=== Section Start ===

Lemma nu_prefactor_ge {n} : 2 <= n ->
  8 * PI * n * (n - 1) ^ 3 <= PI * n * (n - 1) / (2 * (sqrt (1 + 1 / (2 * (n - 1))) - 1) ^ 2).
Proof.
move=> n_ge2; have PI_gt0 := PI_RGT_0.
set s := sqrt (1 + 1 / (2 * (n - 1))) - 1.
have inv_gt0 : 0 < 1 / (2 * (n - 1)) by apply: Rdiv_lt_0_compat; lra.
have s_gt0 : 0 < s.
  suff : 1 < sqrt (1 + 1 / (2 * (n - 1))) by rewrite /s; lra.
  by rewrite -[X in X < _]sqrt_1; apply: sqrt_lt_1_alt; split; lra.
have s_le : s <= 1 / (4 * (n - 1)).
  have := sqrt_1_plus_le (Rlt_le _ _ inv_gt0).
  by rewrite /s (_ : 1 / (2 * (n - 1)) / 2 = 1 / (4 * (n - 1))); [lra | field; lra].
have s2_gt0 : 0 < 2 * s ^ 2 by have := pow_lt s 2 s_gt0; lra.
apply: (Rmult_le_reg_r (2 * s ^ 2)) => //.
rewrite (_ : _ / _ * _ = PI * n * (n - 1)); last by field; lra.
have s_small : 4 * (n - 1) * s <= 1.
  have := Rmult_le_compat_l (4 * (n - 1)) _ _ ltac:(lra) s_le.
  by rewrite (_ : 4 * (n - 1) * (1 / (4 * (n - 1))) = 1); [lra | field; lra].
have : (4 * (n - 1) * s) ^ 2 <= 1 by have := Rmult_lt_0_compat (n - 1) s ltac:(lra) s_gt0; nra.
have : 0 <= PI * n * (n - 1) by apply: Rmult_le_pos; [apply: Rmult_le_pos|]; lra.
nra.
Qed.

Lemma nu_ge {n} : (2 <= n)%nat ->
  16 * PI * INR n * (INR n - 1) ^ 3 / (INR n + 1) * Rpower (2 * INR n) (2 / (INR n - 1))
  <= nu n.
Proof.
move=> n_ge2; have PI_gt0 := PI_RGT_0.
have nr_ge2 : 2 <= INR n by apply: (le_INR 2); apply/leP.
rewrite /nu subn1; set nr := INR n in nr_ge2 *; set e := 2 / (nr - 1).
have e_gt0 : 0 < e by apply: Rdiv_lt_0_compat; lra.
have [G_gt0 G_le] := gamma_half_bound n.-1.
have nr1 : INR n.-1 = nr - 1 by rewrite /nr; case: (n) n_ge2 => // k _; rewrite S_INR /=; ring.
rewrite nr1 in G_le; set G := gamma_half n.-1 in G_gt0 G_le *.
have GeQ : Rpower G e <= (nr + 1) / 2.
  apply: (Rle_trans _ (Rpower (Rpower ((nr - 1 + 2) / 2) ((nr - 1) / 2)) e)).
    by apply: Rle_Rpower_l; lra.
  rewrite Rpower_mult (_ : (nr - 1) / 2 * e = 1) ?Rpower_1; [lra | lra | rewrite /e; field; lra].
have A_ge := nu_prefactor_ge nr_ge2.
rewrite Rpower_div; [| lra | done].
have P_gt0 : 0 < Rpower (2 * nr) e by apply: exp_pos.
have Q_gt0 : 0 < Rpower G e by apply: exp_pos.
have Q_inv : 2 / (nr + 1) <= / Rpower G e.
  by rewrite (_ : 2 / (nr + 1) = / ((nr + 1) / 2)); [apply: Rinv_le_contravar | field]; lra.
rewrite (_ : 16 * PI * nr * (nr - 1) ^ 3 / (nr + 1) =
             8 * PI * nr * (nr - 1) ^ 3 * (2 / (nr + 1))); last by field; lra.
rewrite Rmult_assoc; apply: Rmult_le_compat => //.
- by apply: Rmult_le_pos; [nra | apply/Rlt_le/pow_lt; lra].
- by apply: Rmult_le_pos; [apply/Rlt_le/Rdiv_lt_0_compat|]; lra.
- by rewrite Rmult_comm; apply: Rmult_le_compat_l; [lra | exact: Q_inv].
Qed.

Lemma Rpower_inv_pow {t k} : 0 < t -> (0 < k)%nat -> Rpower (/ t ^ k) (2 / INR k) = / t ^ 2.
Proof.
move=> t_gt0 k_gt0; have k_pos : 0 < INR k by apply: lt_0_INR; apply/ltP.
rewrite -!Rpower_pow // -!Rpower_Ropp Rpower_mult.
by congr Rpower; rewrite [INR 2]/=; field; lra.
Qed.

Lemma Rpower_ratio_ge c M t k : 0 < M -> 0 < t -> (0 < k)%nat -> M <= c * t ^ k ->
  / t ^ 2 <= Rpower (c / M) (2 / INR k).
Proof.
move=> M_gt0 t_gt0 k_gt0 M_le; have tk_gt0 : 0 < t ^ k by apply: pow_lt.
have k_pos : 0 < INR k by apply: lt_0_INR; apply/ltP.
rewrite -(Rpower_inv_pow t_gt0 k_gt0); apply: Rle_Rpower_l.
  by apply/Rlt_le/Rdiv_lt_0_compat; lra.
split; first exact: Rinv_0_lt_compat.
apply: (Rmult_le_reg_r (t ^ k * M)); first exact: Rmult_lt_0_compat.
have -> : / t ^ k * (t ^ k * M) = M by field; lra.
have -> : c / M * (t ^ k * M) = c * t ^ k by field; lra.
exact: M_le.
Qed.

Lemma grid_bound_le n N M : 2 <= n -> 1 <= N -> 0 < M ->
  2 * (2 / M) * ((n ^ 2 - 1) * (/ N) ^ 2) <=
  32 * PI * n * (n - 1) ^ 2 / (n + 1) / M * / (N + 1) ^ 2.
Proof.
move=> n_ge2 N_ge1 M_gt0; have PI_gt3 : 3 < PI by have := PI2_3_2; lra.
have grid : (N + 1) ^ 2 <= 4 * N ^ 2 by nra.
have dim : (n + 1) ^ 2 <= 2 * PI * n * (n - 1).
  have := Rmult_le_pos (PI - 3) (n * (n - 1)) ltac:(lra) ltac:(nra).
  have := Rmult_le_pos (n - 2) (5 * n + 2) ltac:(lra) ltac:(lra).
  simpl; lra.
apply: (Rmult_le_reg_r (M * (n + 1) * (N + 1) ^ 2 * N ^ 2)).
  by apply: Rmult_lt_0_compat; [apply: Rmult_lt_0_compat; [apply: Rmult_lt_0_compat|]|]; nra.
rewrite (_ : 2 * (2 / M) * ((n ^ 2 - 1) * (/ N) ^ 2) * _ =
             4 * (n - 1) * ((n + 1) ^ 2 * (N + 1) ^ 2)); last by field; lra.
rewrite (_ : 32 * PI * n * (n - 1) ^ 2 / (n + 1) / M * / (N + 1) ^ 2 * _ =
             4 * (n - 1) * (2 * PI * n * (n - 1) * (4 * N ^ 2))); last by field; lra.
apply: Rmult_le_compat_l; first lra.
exact: Rmult_le_compat (pow2_ge_0 _) (pow2_ge_0 _) dim grid.
Qed.

Lemma mu_Rpower_ge {n M N} : (2 <= n)%nat -> (0 < M)%nat -> INR M <= 2 * INR n * INR N.+1 ^ n.-1 ->
  32 * PI * INR n * (INR n - 1) ^ 2 / (INR n + 1) / INR M * / INR N.+1 ^ 2 <=
  mu n * Rpower (INR M) (- ((INR n + 1) / (INR n - 1))).
Proof.
move=> n_ge2 M_gt0 M_le; have PI_gt0 := PI_RGT_0.
have nr_ge2 : 2 <= INR n by apply: (le_INR 2); apply/leP.
have Mr_gt0 : 0 < INR M by apply: lt_0_INR; apply/ltP.
have nr1 : INR n.-1 = INR n - 1 by case: (n) n_ge2 => // k _; rewrite S_INR /=; ring.
have PT : / INR N.+1 ^ 2 <= Rpower (2 * INR n / INR M) (2 / (INR n - 1)).
  rewrite -nr1; apply: Rpower_ratio_ge => //; first by apply/lt_0_INR/ltP.
  by rewrite -subn1 subn_gt0.
rewrite Rpower_div in PT; [| lra | done].
have nu_lb := nu_ge n_ge2.
set nr := INR n in nr_ge2 PT nu_lb *; set P := Rpower (2 * nr) _ in PT nu_lb.
rewrite (_ : - ((nr + 1) / (nr - 1)) = - 1 + - (2 / (nr - 1))); last by field; lra.
rewrite Rpower_plus !Rpower_Ropp Rpower_1 // /mu.
set T := / Rpower (INR M) _.
have T_gt0 : 0 < T by apply/Rinv_0_lt_compat/exp_pos.
apply: (Rle_trans _ (2 / (nr - 1) * (16 * PI * nr * (nr - 1) ^ 3 / (nr + 1) * P) * (/ INR M * T))).
  rewrite (_ : _ * (_ * P) * _ = 32 * PI * nr * (nr - 1) ^ 2 / (nr + 1) / INR M * (P * T));
    last by field; lra.
  apply: Rmult_le_compat_l PT; apply/Rlt_le/Rdiv_lt_0_compat => //.
  apply: Rdiv_lt_0_compat; last lra.
  by apply: Rmult_lt_0_compat; [nra | apply: pow_lt; lra].
apply: Rmult_le_compat_r; first by have := Rinv_0_lt_compat _ Mr_gt0; nra.
by apply: Rmult_le_compat_l; [apply/Rlt_le/Rdiv_lt_0_compat | ]; lra.
Qed.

=== Section End ===

For this task, write out exactly the lines of the entries above, starting at the line with "have := sqrt_1_plus_le" and ending at the line with "by rewrite (_ : 4", both included, and no others.

#### Written answer
  have := sqrt_1_plus_le (Rlt_le _ _ inv_gt0).
  by rewrite /s (_ : 1 / (2 * (n - 1)) / 2 = 1 / (4 * (n - 1))); [lra | field; lra].
have s2_gt0 : 0 < 2 * s ^ 2 by have := pow_lt s 2 s_gt0; lra.
apply: (Rmult_le_reg_r (2 * s ^ 2)) => //.
rewrite (_ : _ / _ * _ = PI * n * (n - 1)); last by field; lra.
have s_small : 4 * (n - 1) * s <= 1.
  have := Rmult_le_compat_l (4 * (n - 1)) _ _ ltac:(lra) s_le.
  by rewrite (_ : 4 * (n - 1) * (1 / (4 * (n - 1))) = 1); [lra | field; lra].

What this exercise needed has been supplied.